A millionaire Iranian businessman faces jail for "mutilating" a number of priceless rare books, some almost 500 years old, to improve his own collection.

By Stephen Adams, Arts Correspondent

ImageKnightsbridge-based Farhad Hakimzadeh, chairman of the Iranian Heritage Foundation, cut out pages from manuscripts at the British Library and Oxford University's Bodleian Library.

He removed the pages with a scalpel that he smuggled into the institutions' rare books reading rooms, hiding his actions from CCTV cameras installed to protect the books. Then he took the pages home and inserted them in his own inferior copies.

Police said Hakimzadeh, 60, the director of a company that publishes books on the Middle East and a published author, was likely to be jailed for his actions.

He pleaded guilty to 14 counts of theft in May, relating to pages found by Metropolitan Police officers at his large personal library. They were from 10 British Library books four Bodleian works.

The 10 British Library books which he admitted damaging were worth £71,000 alone. A single page that he cut out from one 1537 book – a world map by Hans Holbein the Younger, who painted Henry VIII – was worth £30,000.

But staff at the British Library, who checked 842 books borrowed by Hakimzadeh, said they believed the actual number of damaged works was much higher.

Dr Kristian Jensen, head of British collections at the British Library, said: "We believe that 150 items have been mutilated by him between 1997 and 2005. Mr Hakimzadeh used considerable skill and deceit to carry out these mutilations and in many instances they were initially difficult to detect."

Staff think many stolen pages will never be recovered.

Dr Jensen said he was "extremely angry" about what Hakimzadeh had done "for his own personal gain".

He said: "Obviously I'm angry because this is somebody extremely rich who has damaged something which belongs to everybody, completely selfishly destroyed something for his own personal benefit which this nation has invested in over generations."

Most of the books he damaged concerned West European experiences of travel and colonisation in the Middle East and dated from the 16th, 17th and 18th centuries.

Hakimzadeh's "targeted mutilation" was "an attack on the nation's collective memory of its own past", Dr Jensen said.

He said he could "not really speculate on his motivation" but added: "Clearly he inserted these pages into copies of his own books.

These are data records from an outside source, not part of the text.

(* Let $B=T(B_1)/\langle R\rangle$ be a connected graded $\Bbbk$-algebra generated in degree one, with $\dim B_1=3$ and with a three-dimensional space $R\subseteq B_1\otimes B_1$ of quadratic relations, and suppose $B$ is a right $D(S_3)$-module algebra (with $B_1$ a $D(S_3)$-submodule and $R$ a $D(S_3)$-submodule of $B_1\otimes B_1$) such that the action of $D(S_3)$ on $B$ is inner faithful. Then $B$ is not a domain. In particular, no quadratic AS regular algebra with three generators admits an inner faithful $D(S_3)$-action of this kind.
   Context: Let $\Bbbk=\mathbb{C}$ and $S_3=\langle r,s\mid r^3=s^2=e,\ srs^{-1}=r^{-1}\rangle$. The Drinfeld double $D(G)$ of a finite group $G$ has basis $\{\phi_gh\}$, multiplication $(\phi_g h)(\phi_{g'}h')=\delta_{g,hg'h^{-1}}\phi_g hh'$, comultiplication $\Delta(\phi_gh)=\sum_x\phi_xh\otimes\phi_{x^{-1}g}h$, counit $\epsilon(\phi_gh)=\delta_{g,e}$. A right $D(G)$-module algebra is a $G$-graded algebra ($A_xA_y\subseteq A_{xy}$) with a right action of $G$ by algebra automorphisms satisfying $A_x\cdot g\subseteq A_{g^{-1}xg}$, with $\phi_x$ acting as projection onto $A_x$; on $V\otimes W$ the grade of $V_x\otimes W_y$ is $xy$ and $G$ acts diagonally. An action of a Hopf algebra $H$ on a module $V$ is inner faithful if no nonzero Hopf ideal $I$ of $H$ satisfies $VI=0$. A domain is a nonzero algebra without zero divisors. *)

From HB Require Import structures.
From mathcomp Require Import all_boot all_order all_algebra all_fingroup.
From mathcomp Require Import complex Rstruct.
From Stdlib Require Rdefinitions.

Set Implicit Arguments.
Unset Strict Implicit.
Unset Printing Implicit Defensive.

Import GRing.Theory.
Local Open Scope ring_scope.

Notation CC := (complex Rdefinitions.R).

Notation S3 := {perm 'I_3}.

(* An element u : DS3 is the linear combination sum_(g,h) u(g,h) phi_g h *)
Definition DS3 := {ffun S3 * S3 -> CC}.
(* D(S_3) (x) D(S_3), with u (x) v having coefficient u p * v q at (p,q) *)
Definition DS3_2 := {ffun (S3 * S3) * (S3 * S3) -> CC}.

(* (phi_g h)(phi_g' h') = delta_{g, h g' h^-1} phi_g (h h') *)
Definition dmul (a b : DS3) : DS3 :=
  [ffun p : S3 * S3 => \sum_(q : S3 * S3) \sum_(q' : S3 * S3)
     if [&& q.1 == (q.2 * q'.1 * invg q.2)%g, q.1 == p.1 & (q.2 * q'.2)%g == p.2]
     then a q * b q' else 0].

(* Delta(phi_g h) = sum_x phi_x h (x) phi_(x^-1 g) h *)
Definition dcomul (u : DS3) : DS3_2 :=
  [ffun pq : (S3 * S3) * (S3 * S3) =>
     if pq.1.2 == pq.2.2 then u ((pq.1.1 * pq.2.1)%g, pq.1.2) else 0].

(* epsilon(phi_g h) = delta_{g,e} *)
Definition dcounit (u : DS3) : CC := \sum_(h : S3) u (1%g, h).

Our copies are in considerably better condition than his."

By doing so "he could end up – to the superficial eye – with a better copy".

But the products of Hakimzadeh's work were merely "pieces of historical falsification", he said.

The library proved some pages were stolen by matching bookworm holes in them with the original text.

Hakimzadeh's crimes came to light when a reader alerted British Library staff that a book had been damaged.

Detective Chief Inspector Dave Cobb, of the Metropolitan Police, said: "It proved extremely difficult for the libraries to detect the absence of these pages as Hakimzadeh took care to select material that only an expert would be able to identify.

"He chose unique and rare editions and was therefore able to go undetected for some time. Some of the stolen pages were recovered at his home address but many more have been lost forever."

The businessman, of Rutland Gardens, Knightsbridge, is due to be sentenced at Wood Green Crown Court in north London on November 21.

The British Library has launched separate civil proceedings against him.

An Oxford University spokesman said it was "pleased" that the criminal case was being brought to a close.